- _Work order_
Look through the listing below and write out exactly the lines from the line with "Lemma lead_coef_deriv_monic (R" to the line with "have k1_nz : k.+1%:R", both included, and no others.

- _Records to process_
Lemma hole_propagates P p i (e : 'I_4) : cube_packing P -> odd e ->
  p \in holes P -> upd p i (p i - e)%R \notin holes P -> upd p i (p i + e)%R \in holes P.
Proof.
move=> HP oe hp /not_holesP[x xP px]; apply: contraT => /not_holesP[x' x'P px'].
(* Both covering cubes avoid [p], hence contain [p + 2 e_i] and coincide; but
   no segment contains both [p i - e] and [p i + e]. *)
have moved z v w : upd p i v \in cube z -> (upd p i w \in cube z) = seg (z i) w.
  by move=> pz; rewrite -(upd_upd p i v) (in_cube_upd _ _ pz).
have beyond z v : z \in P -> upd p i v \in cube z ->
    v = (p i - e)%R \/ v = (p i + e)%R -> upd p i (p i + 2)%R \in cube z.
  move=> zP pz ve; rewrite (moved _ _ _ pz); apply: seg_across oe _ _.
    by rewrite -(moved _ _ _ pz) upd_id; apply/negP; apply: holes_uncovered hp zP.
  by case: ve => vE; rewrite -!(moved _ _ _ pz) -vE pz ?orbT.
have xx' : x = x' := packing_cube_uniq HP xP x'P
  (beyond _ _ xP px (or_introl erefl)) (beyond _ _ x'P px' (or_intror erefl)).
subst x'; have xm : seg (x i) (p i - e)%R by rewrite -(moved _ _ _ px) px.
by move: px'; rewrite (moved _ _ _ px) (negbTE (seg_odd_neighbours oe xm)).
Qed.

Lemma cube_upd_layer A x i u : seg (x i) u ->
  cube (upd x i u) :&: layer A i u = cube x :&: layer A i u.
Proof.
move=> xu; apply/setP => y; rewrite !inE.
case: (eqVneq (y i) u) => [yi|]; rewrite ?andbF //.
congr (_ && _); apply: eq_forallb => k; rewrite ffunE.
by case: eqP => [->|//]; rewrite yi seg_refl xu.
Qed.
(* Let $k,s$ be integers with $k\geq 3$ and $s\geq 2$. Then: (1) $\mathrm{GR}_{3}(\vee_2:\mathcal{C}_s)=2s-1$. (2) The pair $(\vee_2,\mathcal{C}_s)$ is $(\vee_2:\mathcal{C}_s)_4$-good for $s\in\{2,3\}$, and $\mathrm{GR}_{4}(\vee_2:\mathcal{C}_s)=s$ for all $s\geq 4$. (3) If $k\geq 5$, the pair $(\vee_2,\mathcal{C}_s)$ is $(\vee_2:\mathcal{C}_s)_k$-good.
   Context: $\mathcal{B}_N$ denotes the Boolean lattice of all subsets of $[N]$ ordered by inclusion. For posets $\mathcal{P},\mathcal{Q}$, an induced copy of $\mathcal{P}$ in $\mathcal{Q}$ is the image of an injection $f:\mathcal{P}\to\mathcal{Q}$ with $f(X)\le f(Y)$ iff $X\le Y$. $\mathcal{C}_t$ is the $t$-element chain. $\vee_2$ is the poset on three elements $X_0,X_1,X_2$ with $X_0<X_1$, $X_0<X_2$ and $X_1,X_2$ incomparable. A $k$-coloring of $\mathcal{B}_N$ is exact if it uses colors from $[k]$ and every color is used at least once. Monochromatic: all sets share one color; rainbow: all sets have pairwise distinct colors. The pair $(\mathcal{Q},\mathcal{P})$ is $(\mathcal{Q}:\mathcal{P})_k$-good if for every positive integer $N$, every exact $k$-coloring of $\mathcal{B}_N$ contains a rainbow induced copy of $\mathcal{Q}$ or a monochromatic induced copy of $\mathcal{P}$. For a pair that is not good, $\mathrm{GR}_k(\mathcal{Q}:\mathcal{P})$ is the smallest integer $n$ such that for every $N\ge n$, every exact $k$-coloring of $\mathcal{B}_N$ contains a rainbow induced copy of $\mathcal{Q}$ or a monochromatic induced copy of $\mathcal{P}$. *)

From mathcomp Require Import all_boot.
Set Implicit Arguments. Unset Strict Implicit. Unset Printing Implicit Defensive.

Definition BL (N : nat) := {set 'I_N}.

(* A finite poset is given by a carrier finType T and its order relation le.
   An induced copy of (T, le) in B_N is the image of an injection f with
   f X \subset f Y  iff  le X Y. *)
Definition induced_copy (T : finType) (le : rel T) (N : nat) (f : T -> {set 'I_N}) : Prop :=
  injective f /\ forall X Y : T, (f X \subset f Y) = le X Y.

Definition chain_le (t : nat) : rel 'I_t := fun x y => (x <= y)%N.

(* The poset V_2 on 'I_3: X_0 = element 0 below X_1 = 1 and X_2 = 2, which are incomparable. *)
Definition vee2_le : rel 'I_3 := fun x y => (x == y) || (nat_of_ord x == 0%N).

--

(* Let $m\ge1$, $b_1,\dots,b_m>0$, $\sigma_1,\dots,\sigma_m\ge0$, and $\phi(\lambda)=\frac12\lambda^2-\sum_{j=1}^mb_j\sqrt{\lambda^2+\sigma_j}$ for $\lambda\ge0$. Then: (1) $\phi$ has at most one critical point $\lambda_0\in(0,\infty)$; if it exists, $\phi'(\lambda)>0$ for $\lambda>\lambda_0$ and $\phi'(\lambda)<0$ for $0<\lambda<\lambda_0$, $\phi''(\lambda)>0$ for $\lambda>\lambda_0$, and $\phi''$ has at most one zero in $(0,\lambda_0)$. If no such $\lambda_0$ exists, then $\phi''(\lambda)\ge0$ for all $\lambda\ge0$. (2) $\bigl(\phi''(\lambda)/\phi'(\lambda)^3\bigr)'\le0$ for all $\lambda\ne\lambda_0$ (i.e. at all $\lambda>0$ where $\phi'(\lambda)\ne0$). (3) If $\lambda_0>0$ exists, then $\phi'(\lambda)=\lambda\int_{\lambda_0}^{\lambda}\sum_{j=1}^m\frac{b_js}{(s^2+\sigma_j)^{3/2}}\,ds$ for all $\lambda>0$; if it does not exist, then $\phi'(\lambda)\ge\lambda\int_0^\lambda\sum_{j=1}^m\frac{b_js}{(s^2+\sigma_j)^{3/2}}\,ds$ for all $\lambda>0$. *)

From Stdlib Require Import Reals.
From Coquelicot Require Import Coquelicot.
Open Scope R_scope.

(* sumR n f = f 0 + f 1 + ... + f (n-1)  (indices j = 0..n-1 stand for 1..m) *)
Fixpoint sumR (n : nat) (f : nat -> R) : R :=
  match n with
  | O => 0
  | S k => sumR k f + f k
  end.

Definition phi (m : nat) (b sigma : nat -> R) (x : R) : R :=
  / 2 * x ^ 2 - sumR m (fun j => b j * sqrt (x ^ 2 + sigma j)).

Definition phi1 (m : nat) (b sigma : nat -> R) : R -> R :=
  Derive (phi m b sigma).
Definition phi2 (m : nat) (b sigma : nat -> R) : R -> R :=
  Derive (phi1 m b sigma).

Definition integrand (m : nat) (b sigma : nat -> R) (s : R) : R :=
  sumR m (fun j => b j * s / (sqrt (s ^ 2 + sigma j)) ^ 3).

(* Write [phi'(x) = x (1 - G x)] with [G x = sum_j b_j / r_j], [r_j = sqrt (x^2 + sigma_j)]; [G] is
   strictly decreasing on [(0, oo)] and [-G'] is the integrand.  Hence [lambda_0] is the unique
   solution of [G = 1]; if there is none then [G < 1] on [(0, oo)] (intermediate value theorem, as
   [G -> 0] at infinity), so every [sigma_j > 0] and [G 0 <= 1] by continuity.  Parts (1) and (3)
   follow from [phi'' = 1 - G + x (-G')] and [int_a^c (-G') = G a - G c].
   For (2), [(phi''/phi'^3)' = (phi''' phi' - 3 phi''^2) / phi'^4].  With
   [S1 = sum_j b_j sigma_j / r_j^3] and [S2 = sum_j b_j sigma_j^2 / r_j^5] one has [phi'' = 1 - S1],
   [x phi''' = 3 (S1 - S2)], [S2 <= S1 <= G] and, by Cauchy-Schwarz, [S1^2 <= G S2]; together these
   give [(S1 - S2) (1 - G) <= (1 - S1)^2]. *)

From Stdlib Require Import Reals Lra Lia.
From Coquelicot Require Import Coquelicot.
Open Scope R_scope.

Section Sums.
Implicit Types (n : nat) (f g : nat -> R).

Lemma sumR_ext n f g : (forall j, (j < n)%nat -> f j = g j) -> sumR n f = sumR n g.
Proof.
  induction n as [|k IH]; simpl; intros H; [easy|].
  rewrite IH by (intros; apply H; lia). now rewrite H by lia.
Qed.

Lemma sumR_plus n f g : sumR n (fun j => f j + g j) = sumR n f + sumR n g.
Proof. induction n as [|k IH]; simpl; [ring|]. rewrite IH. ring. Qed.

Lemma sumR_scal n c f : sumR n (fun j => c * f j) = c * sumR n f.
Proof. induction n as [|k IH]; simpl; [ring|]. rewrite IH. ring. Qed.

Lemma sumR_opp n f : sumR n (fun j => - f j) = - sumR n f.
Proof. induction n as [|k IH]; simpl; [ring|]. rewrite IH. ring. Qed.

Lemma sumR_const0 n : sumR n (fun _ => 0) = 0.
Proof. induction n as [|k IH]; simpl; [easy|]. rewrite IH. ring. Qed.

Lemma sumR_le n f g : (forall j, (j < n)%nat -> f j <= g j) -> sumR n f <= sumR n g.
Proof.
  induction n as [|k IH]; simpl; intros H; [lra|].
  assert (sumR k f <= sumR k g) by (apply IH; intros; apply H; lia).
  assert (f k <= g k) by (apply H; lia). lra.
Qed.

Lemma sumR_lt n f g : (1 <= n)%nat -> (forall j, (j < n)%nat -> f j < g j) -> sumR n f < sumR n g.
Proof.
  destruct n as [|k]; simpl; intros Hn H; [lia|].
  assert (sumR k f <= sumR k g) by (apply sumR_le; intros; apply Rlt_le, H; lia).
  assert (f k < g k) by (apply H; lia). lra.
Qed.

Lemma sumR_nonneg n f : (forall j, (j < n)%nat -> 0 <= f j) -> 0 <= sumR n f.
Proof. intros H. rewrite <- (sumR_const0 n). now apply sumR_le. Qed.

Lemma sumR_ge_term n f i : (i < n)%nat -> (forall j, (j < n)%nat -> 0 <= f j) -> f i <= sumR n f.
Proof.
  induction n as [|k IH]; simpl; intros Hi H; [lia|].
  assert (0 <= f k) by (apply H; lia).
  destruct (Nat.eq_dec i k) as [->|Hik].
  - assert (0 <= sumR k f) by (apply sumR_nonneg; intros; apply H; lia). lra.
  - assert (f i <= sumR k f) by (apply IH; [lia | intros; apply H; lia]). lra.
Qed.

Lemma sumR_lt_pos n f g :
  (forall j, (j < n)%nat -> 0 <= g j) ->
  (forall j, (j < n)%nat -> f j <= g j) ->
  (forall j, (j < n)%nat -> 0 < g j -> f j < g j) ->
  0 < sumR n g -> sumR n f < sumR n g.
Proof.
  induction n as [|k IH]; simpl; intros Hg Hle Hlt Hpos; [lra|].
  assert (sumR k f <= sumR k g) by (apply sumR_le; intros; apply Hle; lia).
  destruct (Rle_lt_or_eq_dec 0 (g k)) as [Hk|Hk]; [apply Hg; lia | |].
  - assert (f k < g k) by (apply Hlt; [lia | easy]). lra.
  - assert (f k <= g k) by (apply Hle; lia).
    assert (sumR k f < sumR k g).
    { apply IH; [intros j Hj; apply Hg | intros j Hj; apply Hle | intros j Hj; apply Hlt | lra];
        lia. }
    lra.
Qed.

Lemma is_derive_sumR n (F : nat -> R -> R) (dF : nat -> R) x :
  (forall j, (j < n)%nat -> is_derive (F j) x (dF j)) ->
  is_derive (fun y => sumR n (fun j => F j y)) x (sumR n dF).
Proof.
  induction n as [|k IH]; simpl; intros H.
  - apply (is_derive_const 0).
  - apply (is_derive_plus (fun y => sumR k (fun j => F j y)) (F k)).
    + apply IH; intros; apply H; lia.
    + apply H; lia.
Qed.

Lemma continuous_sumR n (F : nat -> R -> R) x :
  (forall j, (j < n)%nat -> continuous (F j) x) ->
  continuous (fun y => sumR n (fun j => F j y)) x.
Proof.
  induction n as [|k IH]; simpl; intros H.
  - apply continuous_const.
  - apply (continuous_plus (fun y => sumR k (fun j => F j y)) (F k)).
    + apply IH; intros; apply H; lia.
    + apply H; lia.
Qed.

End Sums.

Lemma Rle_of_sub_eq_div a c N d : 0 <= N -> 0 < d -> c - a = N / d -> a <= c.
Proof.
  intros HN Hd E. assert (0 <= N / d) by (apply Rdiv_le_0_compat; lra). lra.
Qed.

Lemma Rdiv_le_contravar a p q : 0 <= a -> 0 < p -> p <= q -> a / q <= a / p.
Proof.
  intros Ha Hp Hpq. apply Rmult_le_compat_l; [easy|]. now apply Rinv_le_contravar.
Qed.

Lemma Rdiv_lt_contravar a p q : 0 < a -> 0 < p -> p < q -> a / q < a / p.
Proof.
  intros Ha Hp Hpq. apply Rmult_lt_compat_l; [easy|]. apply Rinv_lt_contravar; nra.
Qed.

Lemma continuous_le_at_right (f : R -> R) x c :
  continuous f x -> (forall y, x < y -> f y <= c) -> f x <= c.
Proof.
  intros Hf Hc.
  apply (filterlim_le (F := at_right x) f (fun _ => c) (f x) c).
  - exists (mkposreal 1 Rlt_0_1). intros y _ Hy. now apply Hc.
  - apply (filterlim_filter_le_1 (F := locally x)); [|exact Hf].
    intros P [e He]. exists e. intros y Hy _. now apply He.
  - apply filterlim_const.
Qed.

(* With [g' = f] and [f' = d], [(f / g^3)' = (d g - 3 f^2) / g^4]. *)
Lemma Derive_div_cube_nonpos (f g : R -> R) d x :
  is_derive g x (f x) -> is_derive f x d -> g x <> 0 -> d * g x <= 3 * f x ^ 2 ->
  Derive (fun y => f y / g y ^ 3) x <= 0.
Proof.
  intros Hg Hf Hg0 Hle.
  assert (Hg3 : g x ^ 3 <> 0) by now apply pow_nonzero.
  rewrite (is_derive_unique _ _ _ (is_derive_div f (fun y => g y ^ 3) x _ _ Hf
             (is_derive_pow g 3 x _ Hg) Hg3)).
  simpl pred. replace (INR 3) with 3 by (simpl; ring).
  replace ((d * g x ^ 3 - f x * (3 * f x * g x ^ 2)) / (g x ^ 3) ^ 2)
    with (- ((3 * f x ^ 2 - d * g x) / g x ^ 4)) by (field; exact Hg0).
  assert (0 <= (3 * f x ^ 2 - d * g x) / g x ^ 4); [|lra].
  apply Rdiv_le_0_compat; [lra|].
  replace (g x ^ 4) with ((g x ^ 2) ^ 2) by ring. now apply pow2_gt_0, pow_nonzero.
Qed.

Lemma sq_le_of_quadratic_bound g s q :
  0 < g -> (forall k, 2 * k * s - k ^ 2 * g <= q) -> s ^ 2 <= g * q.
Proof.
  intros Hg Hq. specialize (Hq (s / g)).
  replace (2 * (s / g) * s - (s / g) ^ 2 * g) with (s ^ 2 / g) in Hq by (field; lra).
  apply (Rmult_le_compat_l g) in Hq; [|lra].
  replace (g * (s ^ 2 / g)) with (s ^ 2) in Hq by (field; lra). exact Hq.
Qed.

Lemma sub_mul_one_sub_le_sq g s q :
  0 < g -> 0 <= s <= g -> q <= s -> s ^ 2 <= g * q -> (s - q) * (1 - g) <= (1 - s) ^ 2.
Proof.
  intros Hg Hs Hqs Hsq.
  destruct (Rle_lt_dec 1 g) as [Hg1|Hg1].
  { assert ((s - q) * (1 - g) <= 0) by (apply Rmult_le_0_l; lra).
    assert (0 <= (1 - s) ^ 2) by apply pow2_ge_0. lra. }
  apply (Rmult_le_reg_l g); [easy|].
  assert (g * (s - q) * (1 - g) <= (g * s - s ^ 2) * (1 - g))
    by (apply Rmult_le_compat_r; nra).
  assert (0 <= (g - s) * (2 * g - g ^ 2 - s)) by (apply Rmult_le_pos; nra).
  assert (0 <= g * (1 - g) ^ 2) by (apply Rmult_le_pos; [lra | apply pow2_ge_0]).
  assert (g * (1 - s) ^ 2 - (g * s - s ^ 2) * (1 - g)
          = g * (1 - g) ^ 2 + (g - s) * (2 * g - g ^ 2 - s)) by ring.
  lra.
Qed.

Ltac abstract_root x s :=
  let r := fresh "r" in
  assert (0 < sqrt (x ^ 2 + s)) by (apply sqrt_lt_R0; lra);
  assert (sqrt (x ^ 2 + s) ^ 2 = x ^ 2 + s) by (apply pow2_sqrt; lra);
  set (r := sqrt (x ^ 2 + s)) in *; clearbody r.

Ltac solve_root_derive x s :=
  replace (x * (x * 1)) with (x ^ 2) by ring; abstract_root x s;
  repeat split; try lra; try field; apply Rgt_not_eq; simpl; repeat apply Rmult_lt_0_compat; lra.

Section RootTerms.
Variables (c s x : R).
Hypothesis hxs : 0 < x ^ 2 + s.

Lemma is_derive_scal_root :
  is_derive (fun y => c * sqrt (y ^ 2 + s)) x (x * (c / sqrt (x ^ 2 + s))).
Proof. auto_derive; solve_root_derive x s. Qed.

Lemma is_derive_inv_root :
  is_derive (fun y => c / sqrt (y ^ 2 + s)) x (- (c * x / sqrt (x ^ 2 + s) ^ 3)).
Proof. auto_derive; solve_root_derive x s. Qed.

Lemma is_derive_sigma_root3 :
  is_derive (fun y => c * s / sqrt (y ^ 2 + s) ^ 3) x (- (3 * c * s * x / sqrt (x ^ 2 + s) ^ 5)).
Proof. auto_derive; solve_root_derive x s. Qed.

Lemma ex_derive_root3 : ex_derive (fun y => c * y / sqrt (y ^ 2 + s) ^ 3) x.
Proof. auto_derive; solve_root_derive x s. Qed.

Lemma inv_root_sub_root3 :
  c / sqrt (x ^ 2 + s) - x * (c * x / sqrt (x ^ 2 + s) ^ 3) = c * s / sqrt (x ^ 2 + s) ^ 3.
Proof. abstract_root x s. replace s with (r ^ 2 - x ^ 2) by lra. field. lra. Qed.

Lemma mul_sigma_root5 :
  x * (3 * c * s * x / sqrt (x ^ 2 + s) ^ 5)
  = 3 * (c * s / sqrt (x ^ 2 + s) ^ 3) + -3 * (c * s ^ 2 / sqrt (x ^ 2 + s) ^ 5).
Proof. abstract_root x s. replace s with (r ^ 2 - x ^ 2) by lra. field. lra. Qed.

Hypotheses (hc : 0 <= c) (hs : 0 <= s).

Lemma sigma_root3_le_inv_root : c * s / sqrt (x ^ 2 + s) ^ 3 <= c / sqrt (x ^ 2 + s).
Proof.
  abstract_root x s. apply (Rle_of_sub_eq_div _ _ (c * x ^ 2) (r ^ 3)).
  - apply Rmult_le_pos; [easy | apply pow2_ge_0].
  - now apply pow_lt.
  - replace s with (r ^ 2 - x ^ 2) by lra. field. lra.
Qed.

...

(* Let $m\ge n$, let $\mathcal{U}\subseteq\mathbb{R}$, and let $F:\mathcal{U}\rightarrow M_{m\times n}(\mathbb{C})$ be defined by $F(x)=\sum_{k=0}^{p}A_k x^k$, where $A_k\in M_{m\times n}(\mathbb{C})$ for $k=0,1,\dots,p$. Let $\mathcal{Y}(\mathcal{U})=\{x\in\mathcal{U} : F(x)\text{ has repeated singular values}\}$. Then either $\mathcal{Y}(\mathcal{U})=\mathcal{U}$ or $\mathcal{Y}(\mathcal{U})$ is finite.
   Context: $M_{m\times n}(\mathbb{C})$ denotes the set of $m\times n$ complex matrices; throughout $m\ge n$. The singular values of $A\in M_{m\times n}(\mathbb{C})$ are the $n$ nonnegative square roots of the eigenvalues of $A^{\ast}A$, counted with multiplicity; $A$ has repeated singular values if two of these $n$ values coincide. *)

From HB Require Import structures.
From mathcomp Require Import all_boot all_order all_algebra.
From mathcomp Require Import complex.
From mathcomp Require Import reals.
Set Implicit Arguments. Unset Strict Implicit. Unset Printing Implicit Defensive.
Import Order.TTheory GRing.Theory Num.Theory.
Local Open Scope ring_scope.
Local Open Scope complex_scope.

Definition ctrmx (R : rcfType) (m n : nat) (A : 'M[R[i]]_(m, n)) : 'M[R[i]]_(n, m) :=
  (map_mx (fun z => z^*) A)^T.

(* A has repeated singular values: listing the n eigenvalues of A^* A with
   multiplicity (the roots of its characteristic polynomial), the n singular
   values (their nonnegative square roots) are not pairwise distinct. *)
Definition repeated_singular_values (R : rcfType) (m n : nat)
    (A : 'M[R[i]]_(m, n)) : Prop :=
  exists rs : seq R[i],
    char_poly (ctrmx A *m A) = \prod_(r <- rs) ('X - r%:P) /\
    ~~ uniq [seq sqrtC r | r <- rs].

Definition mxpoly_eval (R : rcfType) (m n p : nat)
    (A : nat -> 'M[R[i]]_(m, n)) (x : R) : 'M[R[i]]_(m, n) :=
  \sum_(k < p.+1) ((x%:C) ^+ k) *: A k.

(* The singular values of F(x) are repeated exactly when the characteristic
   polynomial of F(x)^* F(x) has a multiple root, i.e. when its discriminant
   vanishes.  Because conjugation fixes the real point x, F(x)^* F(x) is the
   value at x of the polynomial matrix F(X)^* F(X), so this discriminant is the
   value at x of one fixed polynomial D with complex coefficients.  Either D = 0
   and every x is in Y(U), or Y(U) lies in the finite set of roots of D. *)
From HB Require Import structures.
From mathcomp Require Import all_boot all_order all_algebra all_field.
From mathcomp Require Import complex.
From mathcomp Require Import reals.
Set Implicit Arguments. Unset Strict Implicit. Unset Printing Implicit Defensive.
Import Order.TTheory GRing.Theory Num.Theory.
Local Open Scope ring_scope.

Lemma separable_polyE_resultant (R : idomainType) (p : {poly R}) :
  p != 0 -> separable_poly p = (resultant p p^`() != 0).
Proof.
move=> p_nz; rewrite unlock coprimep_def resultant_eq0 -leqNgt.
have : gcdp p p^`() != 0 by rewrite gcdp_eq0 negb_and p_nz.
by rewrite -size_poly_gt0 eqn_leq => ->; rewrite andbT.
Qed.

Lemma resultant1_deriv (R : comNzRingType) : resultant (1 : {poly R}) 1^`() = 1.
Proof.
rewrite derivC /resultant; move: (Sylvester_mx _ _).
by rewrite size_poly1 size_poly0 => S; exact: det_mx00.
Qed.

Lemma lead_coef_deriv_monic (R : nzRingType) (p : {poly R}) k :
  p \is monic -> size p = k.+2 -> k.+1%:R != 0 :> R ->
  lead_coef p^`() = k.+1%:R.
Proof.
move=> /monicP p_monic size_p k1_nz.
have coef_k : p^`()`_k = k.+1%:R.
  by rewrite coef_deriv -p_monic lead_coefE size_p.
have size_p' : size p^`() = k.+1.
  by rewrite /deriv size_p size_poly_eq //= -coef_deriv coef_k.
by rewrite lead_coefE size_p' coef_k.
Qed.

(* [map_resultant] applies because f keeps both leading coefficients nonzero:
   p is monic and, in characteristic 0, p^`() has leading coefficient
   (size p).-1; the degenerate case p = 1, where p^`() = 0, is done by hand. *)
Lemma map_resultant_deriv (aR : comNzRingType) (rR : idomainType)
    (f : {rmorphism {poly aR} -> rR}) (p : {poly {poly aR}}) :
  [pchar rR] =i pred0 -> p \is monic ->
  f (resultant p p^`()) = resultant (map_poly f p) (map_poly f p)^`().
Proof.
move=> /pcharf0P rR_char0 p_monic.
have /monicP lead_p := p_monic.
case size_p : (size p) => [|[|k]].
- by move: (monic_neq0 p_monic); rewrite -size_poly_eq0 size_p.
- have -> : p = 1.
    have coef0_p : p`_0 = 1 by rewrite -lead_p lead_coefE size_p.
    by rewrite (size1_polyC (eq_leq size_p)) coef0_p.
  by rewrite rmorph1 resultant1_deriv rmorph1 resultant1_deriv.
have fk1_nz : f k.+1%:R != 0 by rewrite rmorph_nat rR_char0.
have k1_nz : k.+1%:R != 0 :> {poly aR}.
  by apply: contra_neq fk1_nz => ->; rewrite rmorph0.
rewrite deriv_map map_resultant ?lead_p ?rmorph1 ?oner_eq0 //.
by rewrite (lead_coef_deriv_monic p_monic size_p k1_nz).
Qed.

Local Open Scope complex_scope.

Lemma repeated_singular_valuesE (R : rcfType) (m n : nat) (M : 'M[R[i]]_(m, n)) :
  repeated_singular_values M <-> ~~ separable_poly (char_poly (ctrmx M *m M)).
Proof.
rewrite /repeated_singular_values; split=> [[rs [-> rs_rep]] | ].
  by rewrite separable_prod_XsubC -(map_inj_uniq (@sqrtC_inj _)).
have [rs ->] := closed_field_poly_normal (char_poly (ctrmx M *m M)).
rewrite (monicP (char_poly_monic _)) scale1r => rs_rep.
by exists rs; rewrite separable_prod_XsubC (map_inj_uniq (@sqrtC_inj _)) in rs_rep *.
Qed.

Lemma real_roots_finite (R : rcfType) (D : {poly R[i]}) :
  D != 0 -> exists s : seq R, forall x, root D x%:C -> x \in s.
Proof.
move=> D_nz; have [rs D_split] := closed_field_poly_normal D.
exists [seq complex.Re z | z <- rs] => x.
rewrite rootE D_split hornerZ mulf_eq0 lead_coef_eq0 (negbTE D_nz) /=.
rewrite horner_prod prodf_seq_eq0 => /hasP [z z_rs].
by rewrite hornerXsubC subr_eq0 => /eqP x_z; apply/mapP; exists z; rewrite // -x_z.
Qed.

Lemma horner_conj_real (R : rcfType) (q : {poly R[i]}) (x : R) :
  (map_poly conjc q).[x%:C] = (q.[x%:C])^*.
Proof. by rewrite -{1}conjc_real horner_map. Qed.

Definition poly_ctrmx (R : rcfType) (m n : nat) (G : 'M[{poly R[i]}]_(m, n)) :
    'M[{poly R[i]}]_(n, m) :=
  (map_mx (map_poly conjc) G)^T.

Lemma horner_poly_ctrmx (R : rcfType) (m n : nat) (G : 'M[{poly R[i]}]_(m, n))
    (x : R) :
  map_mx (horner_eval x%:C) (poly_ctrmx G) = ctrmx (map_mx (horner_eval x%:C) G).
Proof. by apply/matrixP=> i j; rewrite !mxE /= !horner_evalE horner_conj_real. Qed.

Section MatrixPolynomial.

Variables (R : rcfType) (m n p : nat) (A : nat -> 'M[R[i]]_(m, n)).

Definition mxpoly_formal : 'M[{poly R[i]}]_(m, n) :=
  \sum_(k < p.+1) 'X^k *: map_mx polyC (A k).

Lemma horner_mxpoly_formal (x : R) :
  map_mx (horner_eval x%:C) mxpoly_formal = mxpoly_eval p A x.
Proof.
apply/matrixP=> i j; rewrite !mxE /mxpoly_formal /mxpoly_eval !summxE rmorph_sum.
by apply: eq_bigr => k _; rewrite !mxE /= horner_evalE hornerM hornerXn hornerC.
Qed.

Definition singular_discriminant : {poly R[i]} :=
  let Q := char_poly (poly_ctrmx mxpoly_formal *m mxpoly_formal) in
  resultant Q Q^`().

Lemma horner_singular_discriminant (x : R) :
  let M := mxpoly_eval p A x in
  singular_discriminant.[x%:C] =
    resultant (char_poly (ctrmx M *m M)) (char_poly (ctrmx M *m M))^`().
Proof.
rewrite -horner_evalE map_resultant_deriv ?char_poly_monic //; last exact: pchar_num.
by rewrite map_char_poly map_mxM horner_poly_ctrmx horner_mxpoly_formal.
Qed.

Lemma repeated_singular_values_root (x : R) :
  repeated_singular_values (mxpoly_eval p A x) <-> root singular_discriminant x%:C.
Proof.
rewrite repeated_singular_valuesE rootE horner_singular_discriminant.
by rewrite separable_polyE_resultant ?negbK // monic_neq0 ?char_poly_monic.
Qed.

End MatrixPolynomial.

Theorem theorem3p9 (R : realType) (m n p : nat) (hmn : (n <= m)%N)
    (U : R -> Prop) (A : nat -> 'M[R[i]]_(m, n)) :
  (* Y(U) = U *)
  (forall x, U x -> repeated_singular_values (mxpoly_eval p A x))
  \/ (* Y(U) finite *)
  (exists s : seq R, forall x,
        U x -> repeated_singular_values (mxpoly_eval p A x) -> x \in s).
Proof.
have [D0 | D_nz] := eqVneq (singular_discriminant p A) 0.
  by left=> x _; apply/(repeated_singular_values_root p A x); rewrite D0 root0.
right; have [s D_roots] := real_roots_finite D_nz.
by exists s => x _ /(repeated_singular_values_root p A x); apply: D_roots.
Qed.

- _Expected answer_
Lemma lead_coef_deriv_monic (R : nzRingType) (p : {poly R}) k :
  p \is monic -> size p = k.+2 -> k.+1%:R != 0 :> R ->
  lead_coef p^`() = k.+1%:R.
Proof.
move=> /monicP p_monic size_p k1_nz.
have coef_k : p^`()`_k = k.+1%:R.
  by rewrite coef_deriv -p_monic lead_coefE size_p.
have size_p' : size p^`() = k.+1.
  by rewrite /deriv size_p size_poly_eq //= -coef_deriv coef_k.
by rewrite lead_coefE size_p' coef_k.
Qed.

(* [map_resultant] applies because f keeps both leading coefficients nonzero:
   p is monic and, in characteristic 0, p^`() has leading coefficient
   (size p).-1; the degenerate case p = 1, where p^`() = 0, is done by hand. *)
Lemma map_resultant_deriv (aR : comNzRingType) (rR : idomainType)
    (f : {rmorphism {poly aR} -> rR}) (p : {poly {poly aR}}) :
  [pchar rR] =i pred0 -> p \is monic ->
  f (resultant p p^`()) = resultant (map_poly f p) (map_poly f p)^`().
Proof.
move=> /pcharf0P rR_char0 p_monic.
have /monicP lead_p := p_monic.
case size_p : (size p) => [|[|k]].
- by move: (monic_neq0 p_monic); rewrite -size_poly_eq0 size_p.
- have -> : p = 1.
    have coef0_p : p`_0 = 1 by rewrite -lead_p lead_coefE size_p.
    by rewrite (size1_polyC (eq_leq size_p)) coef0_p.
  by rewrite rmorph1 resultant1_deriv rmorph1 resultant1_deriv.
have fk1_nz : f k.+1%:R != 0 by rewrite rmorph_nat rR_char0.
have k1_nz : k.+1%:R != 0 :> {poly aR}.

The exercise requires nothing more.